APS mica was obtained by incubation of freshly cleaved mica in 167 nM 1-(3-aminopropyl) silatrane as described (Shlyakhtenko et al., 2003; Lyubchenko and Shlyakhtenko, 2009). Native PAGE purified RNA samples were diluted with 1xTMS buffer to a final concentration of 3–5 nM. Then, 5–10 μL of pRNA was immediately deposited on the APS mica surface. After 2 min incubation, excess samples were washed with DEPC treated water and dried under a flow of Argon gas. AFM images in air were acquired using MultiMode AFM NanoScope IV system (Veeco/Digital Instruments, Santa Barbara, CA) operating in tapping mode. Two types of AFM probes were used under tapping mode imaging in air: (1) regular tapping Mode Silicon Probes (Olympus from Asylum Research, Santa_Barbara, CA) with a spring constant of ~42 N/m and a resonant frequency between 300 kHz and 320 kHz. (2) non-contact NSG01_DLC probes (K-Tek Nanotechnology, Wilsonville, OR) with a spring constant of about 5.5 N/m and a resonance frequency between 120 kHz and 150 kHz.

Electrophoretic mobility shift assay (EMSA)

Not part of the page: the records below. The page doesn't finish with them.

Lemma feasibleP (Y : finType) (T : Theta -> Y -> R) (lam : {ffun Theta * A -> R}) :
  stoch T -> feasible A T lam <->
  zonotope T (lam (th0, a)) (lam (th1, a)) /\ forall th, lam (th, b) = 1 - lam (th, a).
Proof.
move=> hT; split.
  move=> [sg [hsg E]]; split.
    exists (fun y => sg y a); split; last by rewrite !E.
    move=> y; have [p s1] := hsg y; move: s1; rewrite sum_two_actions => s1.
    by rewrite p /=; have := p b; lra.
  move=> th; have [_ s] := hT th; rewrite !E -{1}s -sumrB; apply: eq_bigr => y _.
  have [p s1] := hsg y; move: s1; rewrite sum_two_actions => s1.
  have -> : sg y b = 1 - sg y a by lra.
  ring.
move=> [[s [hs [e0 e1]]] hb].
have ea th : lam (th, a) = \sum_y s y * T th y by case: (Theta_cases th) => ->.
exists (fun y x => if x == a then s y else 1 - s y); split.
  move=> y; split=> [x|]; first by case: ifP => _; have /andP [? ?] := hs y; lra.
  by rewrite sum_two_actions eqxx eq_sym (negbTE ab); ring.
move=> th x; case: (hab x) => ->; rewrite ?eqxx ?ea // eq_sym (negbTE ab) hb ea.
by have [_ st] := hT th; rewrite -{1}st -sumrB; apply: eq_bigr => y _; ring.
Qed.

Definition profile (x0 x1 : R) : {ffun Theta * A -> R} :=
  [ffun k => let x := if k.1 == th0 then x0 else x1 in if k.2 == a then x else 1 - x].

Lemma profile_a th (x0 x1 : R) : profile x0 x1 (th, a) = if th == th0 then x0 else x1.
Proof. by rewrite ffunE /= eqxx. Qed.

Lemma profile_b th (x0 x1 : R) : profile x0 x1 (th, b) = 1 - profile x0 x1 (th, a).
Proof. by rewrite profile_a ffunE /= eq_sym (negbTE ab). Qed.

Lemma feasible_profile (Y : finType) (T : Theta -> Y -> R) x0 x1 : stoch T ->
  zonotope T x0 x1 -> feasible A T (profile x0 x1).
Proof.
move=> hT hz; apply/(feasibleP _ hT); rewrite !profile_a eqxx.
by split=> // th; rewrite profile_b.
Qed.

Lemma feasible_le (Y : finType) (T : Theta -> Y -> R) (lam : {ffun Theta * A -> R})
    (d0 d1 : R) :
  stoch T -> feasible A T lam -> d0 * lam (th0, a) + d1 * lam (th1, a) <= zsupport T d0 d1.
Proof. by move=> hT /(feasibleP _ hT) [hz _]; exact: zonotope_le. Qed.

Lemma more_informative_of_feasible (Y Z : finType) (T : Theta -> Y -> R)
    (S : Theta -> Z -> R) :
  stoch T -> stoch S -> feasible A T `<=` feasible A S -> more_informative S T.
Proof.
move=> hT hS sub; apply: (more_informative_of_zsupport hT hS) => d0 d1.
have [x0 [x1 [hx ->]]] := zsupport_attained T d0 d1.
by have := feasible_le d0 d1 hS (sub _ (feasible_profile hT hx)); rewrite !profile_a eqxx.
Qed.

Variables (Y1 Y2 : finType) (P : Theta -> Y1 -> R) (Q : Theta -> Y2 -> R).
Hypotheses (hP : stoch P) (hQ : stoch Q).

(* If T is more informative than P and Q, its feasible set contains
   co(Lambda_P u Lambda_Q): every point of the hull lies below h_T. *)
Lemma hull_sub_feasible (Y : finType) (T : Theta -> Y -> R) : stoch T ->
  more_informative T P -> more_informative T Q ->
  conv_hull (feasible A P `|` feasible A Q) `<=` feasible A T.
Proof.
move=> hT /zsupport_le_of_more_informative hPT /zsupport_le_of_more_informative hQT v hv.
apply/(feasibleP _ hT); split.
  apply: zonotope_farkas => d0 d1; apply: conv_hull_halfplane hv => x [] hx.
    exact: le_trans (feasible_le d0 d1 hP hx) (hPT d0 d1).
  exact: le_trans (feasible_le d0 d1 hQ hx) (hQT d0 d1).
move=> th; apply: conv_hull_affine hv => x [] hx.
  exact: ((feasibleP _ hP).1 hx).2.
exact: ((feasibleP _ hQ).1 hx).2.
Qed.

The fluorescently tagged protein that facilitates detection and purification was shown to possess similar assembly and packaging activity as compared to wildtype (Lee et al., 2009; Schwartz et al., 2012). Cy3-dsDNA (40 bp) was prepared by annealing two complementary DNA oligos containing a Cy3 label (IDT) at its 5′ ends and purified by a 10% polyacrylamide gel. Samples were prepared in 20 μl buffer A (20 mM Tris–HCl, 50 mM NaCl, 1.5% glycerol, 0.1 mM Mg2+). Specifically, 1.78 μM eGFP-gp16 was mixed with 7.5 ng/μl of 40 bp Cy3-DNA in the presence or absence of ATP and γ-S-ATP. Samples were incubated at ambient temperature for 20 min and then loaded onto a 1% agarose gel (44.5 mM Tris, 44.5 mM boric acid) and electrophoresed at 4°C for 1 h at 8 V/cm. The eGFP-gp16 and Cy3-DNA samples were analyzed by a fluorescent LightTools Whole Body Imager using 488 nm and 540 nm excitation wavelengths for GFP and Cy3, respectively.